DATA RECORDS:
Lemma product_family_not_deriv_vanishes a p B Q va vp : UEP a B -> UEP p Q ->
  has_vm B va -> has_vm Q vp ->
  exists f, In f (product_family a p B Q) /\ ~ deriv_vanishes f (Nat.min va vp).
Proof.
  intros UA UP VB VQ.
  destruct (UEP_is_trig_sumC a B UA) as [Ta TB], (UEP_is_trig_sumC p Q UP) as [Tp TQ].
  destruct VB as [VBlow [b [Hb NB]]], VQ as [VQlow [q [Hq NQ]]].
  destruct (le_lt_dec va vp) as [Hle | Hlt].
  - rewrite Nat.min_l by exact Hle; destruct vp as [|vp].
    + replace va with 0%nat in * by lia.
      exists (fun w => Cmult (q w) (b w)); split.
      * apply in_or_app; right; apply in_or_app; right; apply in_flat_map.
        exists q; split; [exact Hq |].
        apply (in_map (fun b w => Cmult (q w) (b w))), Hb.
      * apply not_deriv_vanishes_mult; auto.
        rewrite <- deriv_vanishes_O; exact NQ.
    + exists (fun w => Cmult (p w) (b w)); split.
      * apply in_or_app; left; apply (in_map (fun b w => Cmult (p w) (b w))), Hb.
      * apply not_deriv_vanishes_mult; auto.
        apply (UEP_has_vm_nonzero_at_0 p Q (S vp)); [exact UP | | lia].
        split; [exact VQlow | exists q; auto].
  - rewrite Nat.min_r by lia.
    exists (fun w => Cmult (a w) (q w)); split.
    + apply in_or_app; right; apply in_or_app; left.
      apply (in_map (fun q w => Cmult (a w) (q w))), Hq.
    + apply not_deriv_vanishes_mult; auto.
      apply (UEP_has_vm_nonzero_at_0 a B va); [exact UA | | lia].
      split; [exact VBlow | exists b; auto].
Qed.

Theorem theorem2 (ma mp : mask) (bs qs : list mask) :
  let a := eval ma in
  let p := eval mp in
  let B := map eval bs in
  let Q := map eval qs in
  let fam := map (fun b w => Cmult (p w) (b w)) B
             ++ map (fun q w => Cmult (a w) (q w)) Q
             ++ flat_map (fun q => map (fun b w => Cmult (q w) (b w)) B) Q in
  UEP a B -> UEP p Q ->
  UEP (fun w => Cmult (a w) (p w)) fam /\
  (forall (mab : mask) (va vp : nat),
     (forall w, eval mab w = Cmult (a w) (p w)) ->
     convergent ma -> convergent mp -> convergent mab ->
     has_vm B va -> has_vm Q vp ->
     has_vm fam (Nat.min va vp)).
Proof.
  intros a p B Q fam UA UP.
  change fam with (product_family a p B Q).
  split; [apply UEP_mult; assumption |].
  intros mab va vp _ _ _ _ VB VQ; split.
  - exact (product_family_deriv_vanishes a p B Q va vp UA UP VB VQ).
  - exact (product_family_not_deriv_vanishes a p B Q va vp UA UP VB VQ).
Qed.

EXERCISE GOAL: Output the lines above between the one holding "apply (in_map (fun b w => Cmult (q" and the one holding "- rewrite Nat.min_r by lia.", inclusive, with nothing before or after them.

SOLUTION FOR THIS TASK:
        apply (in_map (fun b w => Cmult (q w) (b w))), Hb.
      * apply not_deriv_vanishes_mult; auto.
        rewrite <- deriv_vanishes_O; exact NQ.
    + exists (fun w => Cmult (p w) (b w)); split.
      * apply in_or_app; left; apply (in_map (fun b w => Cmult (p w) (b w))), Hb.
      * apply not_deriv_vanishes_mult; auto.
        apply (UEP_has_vm_nonzero_at_0 p Q (S vp)); [exact UP | | lia].
        split; [exact VQlow | exists q; auto].
  - rewrite Nat.min_r by lia.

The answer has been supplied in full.